Route information
- Maintained by ODOT
- Length: 5.24 mi (8.43 km)
- Existed: 1937–present

Major junctions
- West end: SR 78 in Buchtel
- North end: SR 13 near Jacksonville

Location
- Country: United States
- State: Ohio
- Counties: Athens

Highway system
- Ohio State Highway System; Interstate; US; State; Scenic;
| ← SR 684 |  | → SR 686 |

= Ohio State Route 685 =

State highway in Athens County, Ohio, US

State Route 685 (SR 685) is a short east-west state highway in southeastern Ohio, a U.S. state. The western terminus of SR 685 is at SR 78 in the village of Buchtel. Its eastern terminus is at SR 13 approximately 1 mi southwest of Jacksonville.

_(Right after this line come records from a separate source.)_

(* Consider the processes $x^{ji}$ ($i\in[n]$, $j\in\mathcal N_i$) and $y^i$ ($i\in[n]$) defined by the stochastic differential equations (SDE-x) and (SDE-y) in the context, for an arbitrary initially infected set $\Lambda\subset[n]$. Then for all $i\in[n]$, $j\in\mathcal N_i$ and $t\ge0$: (1) $\mathbb{1}_p^\top x^{ji}(t)=\mathbb{1}_q^\top y^i(t)$; (2) $x^{ji}(t)\in\{0_p,e_1,\dots,e_p\}$; (3) $y^i(t)\in\{0_q,f_1,\dots,f_q\}$.
   Context: Notation: $[n]=\{1,\dots,n\}$; $\mathbb{1}_p$ all-ones vector in $\mathbb{R}^p$, $0_p$ zero vector; $E_{mm'}$ ($m,m'\in[p]$) the $p\times p$ matrix with a single $1$ at $(m,m')$, $e_m$ the $m$-th canonical basis vector of $\mathbb{R}^p$; $F_{\ell\ell'}$ ($\ell,\ell'\in[q]$) the $q\times q$ matrix with a single $1$ at $(\ell,\ell')$, $f_\ell$ the $\ell$-th canonical basis vector of $\mathbb{R}^q$. For a probability vector $\phi$ on $[p]$, $x\sim\phi$ means $P(x=e_m)=\phi_m$ (similarly for $\psi$ on $[q]$ with $f_\ell$). Parameters: $T\in\mathbb{R}^{p\times p}$ and $R\in\mathbb{R}^{q\times q}$ are invertible Metzler matrices (nonnegative off-diagonal entries) with non-positive row sums; $\phi,\psi$ probability vectors on $[p]$, $[q]$; $b=-T\mathbb{1}_p$, $d=-R\mathbb{1}_q$. $\mathcal G=([n],\mathcal E)$ is an undirected graph with adjacency matrix $A=[a_{ij}]$ and neighbor sets $\mathcal N_i$, each node having at least one neighbor. Randomness: $N^{ji}_\lambda$, $N^i_\lambda$ are mutually independent Poisson counters of rate $\lambda\ge0$; $e^{ji}_\phi(t)\sim\phi$ and $f^i_\psi(t)\sim\psi$ are independent across $t$, indices, and of the counters. Solutions of jump SDEs: processes are right-continuous, constant on intervals in which no counter jumps, and when a counter jumps at $t$ the state changes to (state at $t^-$) plus the corresponding coefficient evaluated at the state at $t^-$ and the auxiliary processes at $t$. (SDE-x): $dx^{ji}=\sum_{m\neq m'}(E_{m'm}-E_{mm})x^{ji}\,dN^{ji}_{T_{mm'}}+\sum_{m=1}^p(e^{ji}_\phi e_m^\top-E_{mm})x^{ji}\,dN^{ji}_{b_m}-x^{ji}\sum_{\ell=1}^q y^i_\ell\,dN^i_{d_\ell}+e^{ji}_\phi(1-\mathbb{1}_q^\top y^i)\sum_{k=1}^n a_{ik}\sum_{m=1}^p x^{ik}_m\,dN^{ik}_{b_m}$. (SDE-y): $dy^i=\sum_{\ell\neq\ell'}(F_{\ell'\ell}-F_{\ell\ell})y^i\,dN^i_{R_{\ell\ell'}}-y^i\sum_{\ell=1}^q y^i_\ell\,dN^i_{d_\ell}+f^i_\psi(1-\mathbb{1}_q^\top y^i)\sum_{k=1}^n a_{ik}\sum_{m=1}^p x^{ik}_m\,dN^{ik}_{b_m}$. Initial conditions: for $i\in\Lambda$, $x^{ji}(0)\sim\phi$ and $y^i(0)\sim\psi$; for $i\notin\Lambda$, $x^{ji}(0)=0_p$, $y^i(0)=0_q$. *)

From mathcomp Require Import all_boot all_order all_algebra.
From mathcomp Require Import reals.
Set Implicit Arguments. Unset Strict Implicit. Unset Printing Implicit Defensive.
Import Order.TTheory GRing.Theory Num.Theory.
Local Open Scope ring_scope.

(* CT j i m m'  ==  N^{ji}_{T_{mm'}}     (used for m <> m')
   CB j i m     ==  N^{ji}_{b_m}
   CD i l       ==  N^{i}_{d_l}
   CR i l l'    ==  N^{i}_{R_{l l'}}     (used for l <> l')               *)
Inductive counter (n p q : nat) : Type :=
| CT of 'I_n & 'I_n & 'I_p & 'I_p
| CB of 'I_n & 'I_n & 'I_p
| CD of 'I_n & 'I_q
| CR of 'I_n & 'I_q & 'I_q.
Arguments CT {n p q}. Arguments CB {n p q}.
Arguments CD {n p q}. Arguments CR {n p q}.

Section Defs.
Variable R : realType.

Definition metzler k (M : 'M[R]_k) := forall a b : 'I_k, a != b -> 0 <= M a b.
Definition nonpos_rowsums k (M : 'M[R]_k) := forall a : 'I_k, \sum_(b < k) M a b <= 0.
Definition prob_vec k (v : 'I_k -> R) := (forall a, 0 <= v a) /\ \sum_(a < k) v a = 1.

(* b = - T 1_p , d = - R 1_q *)
Definition exit_rate k (M : 'M[R]_k) (a : 'I_k) : R := - \sum_(b < k) M a b.

Definition evec k (a : 'I_k) : 'cV[R]_k := delta_mx a 0.
Definition ones_dot k (x : 'cV[R]_k) : R := ((const_mx 1 : 'cV[R]_k)^T *m x) 0 0.

Definition rate n p q (T : 'M[R]_p) (Rq : 'M[R]_q) (c : counter n p q) : R :=
  match c with
  | CT _ _ m m' => T m m'
  | CB _ _ m => exit_rate T m
  | CD _ l => exit_rate Rq l
  | CR _ l l' => Rq l l'
  end.

Definition left_value V (X : R -> V) (t : R) (v : V) :=
  exists2 eps : R, 0 < eps & forall s, t - eps < s < t -> X s = v.

(* right-continuous nondecreasing counting path starting at 0 with unit jumps;
   Nm t is its left limit N(t^-) *)
Definition counting_path (N Nm : R -> nat) :=
  [/\ N 0 = 0%N,
      (forall s t, 0 <= s -> s <= t -> (N s <= N t)%N),
      (forall t, 0 <= t -> exists2 eps : R, 0 < eps &
                   forall s, t <= s < t + eps -> N s = N t) &
      (forall t, 0 < t -> left_value N t (Nm t) /\ (N t <= (Nm t).+1)%N)].

(* Sample-path properties of a family of Poisson counters with the given rates:
   counting paths, rate-0 counters never jump, and (the probability-one event
   for independent Poisson counters) no two distinct counters jump together. *)
Definition poisson_paths n p q (T : 'M[R]_p) (Rq : 'M[R]_q)
    (N Nm : counter n p q -> R -> nat) :=
  [/\ (forall c, counting_path (N c) (Nm c)),
      (forall c, rate T Rq c = 0 -> forall t, 0 <= t -> N c t = 0%N) &
      (forall c c' t, 0 < t -> N c t <> Nm c t -> N c' t <> Nm c' t -> c = c')].

Definition dN n p q (N Nm : counter n p q -> R -> nat) c t : R :=
  (N c t)%:R - (Nm c t)%:R.

Definition pc_process n p q (N Nm : counter n p q -> R -> nat) V
    (Z Zm : R -> V) :=
  [/\ (forall t, 0 <= t -> exists2 eps : R, 0 < eps &
                 forall s, t <= s < t + eps -> Z s = Z t),
      (forall a b, 0 <= a -> a <= b ->
         (forall c s, a < s <= b -> N c s = Nm c s) ->
         forall s, a <= s <= b -> Z s = Z a) &
      (forall t, 0 < t -> left_value Z t (Zm t))].

Section Jumps.
Variables (n p q : nat) (adj : rel 'I_n) (N Nm : counter n p q -> R -> nat).
Variables (xm : 'I_n -> 'I_n -> R -> 'cV[R]_p) (ym : 'I_n -> R -> 'cV[R]_q).
Variables (e : 'I_n -> 'I_n -> R -> 'cV[R]_p) (f : 'I_n -> R -> 'cV[R]_q).

Local Notation dN := (dN N Nm).

Definition infection_term (i : 'I_n) (t : R) : R :=
  \sum_(k < n) (adj i k)%:R *
     \sum_(m < p) xm i k t m 0 * dN (CB i k m) t.

Definition jump_x (j i : 'I_n) (t : R) : 'cV[R]_p :=
    \sum_(m < p) \sum_(m' < p | m != m')
        dN (CT j i m m') t *: ((delta_mx m' m - delta_mx m m) *m xm j i t)
  + \sum_(m < p)
        dN (CB j i m) t *: ((e j i t *m (evec m)^T - delta_mx m m) *m xm j i t)
  - (\sum_(l < q) ym i t l 0 * dN (CD i l) t) *: xm j i t
  + ((1 - ones_dot (ym i t)) * infection_term i t) *: e j i t.

Definition jump_y (i : 'I_n) (t : R) : 'cV[R]_q :=
    \sum_(l < q) \sum_(l' < q | l != l')
        dN (CR i l l') t *: ((delta_mx l' l - delta_mx l l) *m ym i t)
  - (\sum_(l < q) ym i t l 0 * dN (CD i l) t) *: ym i t
  + ((1 - ones_dot (ym i t)) * infection_term i t) *: f i t.
End Jumps.

(* (x, y) with left limits (xm, ym) solve (SDE-x),(SDE-y) along the given
   counter paths and auxiliary paths e = e^{ji}_phi, f = f^i_psi *)
Definition is_solution n p q (adj : rel 'I_n) (N Nm : counter n p q -> R -> nat)
    (x xm : 'I_n -> 'I_n -> R -> 'cV[R]_p) (y ym : 'I_n -> R -> 'cV[R]_q)
    (e : 'I_n -> 'I_n -> R -> 'cV[R]_p) (f : 'I_n -> R -> 'cV[R]_q) :=
  [/\ (forall i j, adj i j -> pc_process N Nm (x j i) (xm j i)),
      (forall i, pc_process N Nm (y i) (ym i)),
      (forall i j t, adj i j -> 0 < t ->
          x j i t = xm j i t + jump_x adj N Nm xm ym e j i t) &
      (forall i t, 0 < t -> y i t = ym i t + jump_y adj N Nm xm ym f i t)].

End Defs.

From HB Require Import structures.
From mathcomp Require Import all_boot all_order all_algebra.
From mathcomp Require Import boolp classical_sets reals.
From mathcomp Require Import lra.
Import Order.TTheory GRing.Theory Num.Theory.
Set Implicit Arguments. Unset Strict Implicit. Unset Printing Implicit Defensive.
Local Open Scope ring_scope.
Lemma rot_on_sphere n k j t y : (k < n + 1)%nat -> (j < n + 1)%nat ->
  on_sphere n y -> on_sphere n (rot k j t y).
Proof.
  intros Hk Hj H. unfold on_sphere in *. unfold rot. destruct (Nat.eqb_spec k j); [exact H|].
  set (A := (y j * cos t + y k * sin t) ^ 2 - y j ^ 2).
  set (B := (y k * cos t - y j * sin t) ^ 2 - y k ^ 2).
  rewrite (sumR_ext _ _ (fun i => y i ^ 2 + (if Nat.eqb i j then A else 0) + (if Nat.eqb i k then B else 0))).
  - rewrite !sumR_add, !sumR_delta, H by auto. unfold A, B.
    pose proof (sin2_cos2 t) as Hsc. unfold Rsqr in Hsc. nra.
  - intros i _. destruct (Nat.eqb_spec i j) as [->|]; [|destruct (Nat.eqb_spec i k) as [->|]].
    + destruct (Nat.eqb_spec j k); [lia|]. unfold A. ring.
    + unfold B. ring.
    + ring.
Qed.

Definition ang_mom (f : sfun) (k j : nat) (y : nat -> R) : Cx :=
  Cadd (Cmul (RtoC (y k)) (pd j f y)) (Cmul (RtoC (- y j)) (pd k f y)).

Lemma rot_coord_deriv k j i y : derivable_pt_lim (fun t => rot k j t y i) 0
  (y k * (if Nat.eqb i j then 1 else 0) + - y j * (if Nat.eqb i k then 1 else 0)).
Proof.
  unfold rot. destruct (Nat.eqb_spec k j) as [->|].
  - eapply D_ext; [apply D_const|reflexivity|]. destruct (Nat.eqb i j); ring.
  - destruct (Nat.eqb_spec i j) as [->|]; [|destruct (Nat.eqb_spec i k)].
    + destruct (Nat.eqb_spec j k); [lia|].
      eapply D_ext; [apply D_plus; [apply D_scal_cos|apply D_scal_sin]|reflexivity|ring].
    + eapply D_ext; [apply D_minus; [apply D_scal_cos|apply D_scal_sin]|reflexivity|ring].
    + eapply D_ext; [apply D_const|reflexivity|ring].
Qed.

Existing in the northern portion of Athens County, SR 685 functions as a connector route between SR 78 and SR 13 as it makes its way through the Wayne National Forest. The designation of SR 685 came into being in the early 1960s, replacing what had been known as SR 675, due to the construction of Interstate 675 in the Dayton vicinity, and the fact that Ohio does not duplicate numbers among different types of highways.

==Route description==
All of SR 685 is located in the northern portion of Athens County. This state highway is not included as a part of the National Highway System.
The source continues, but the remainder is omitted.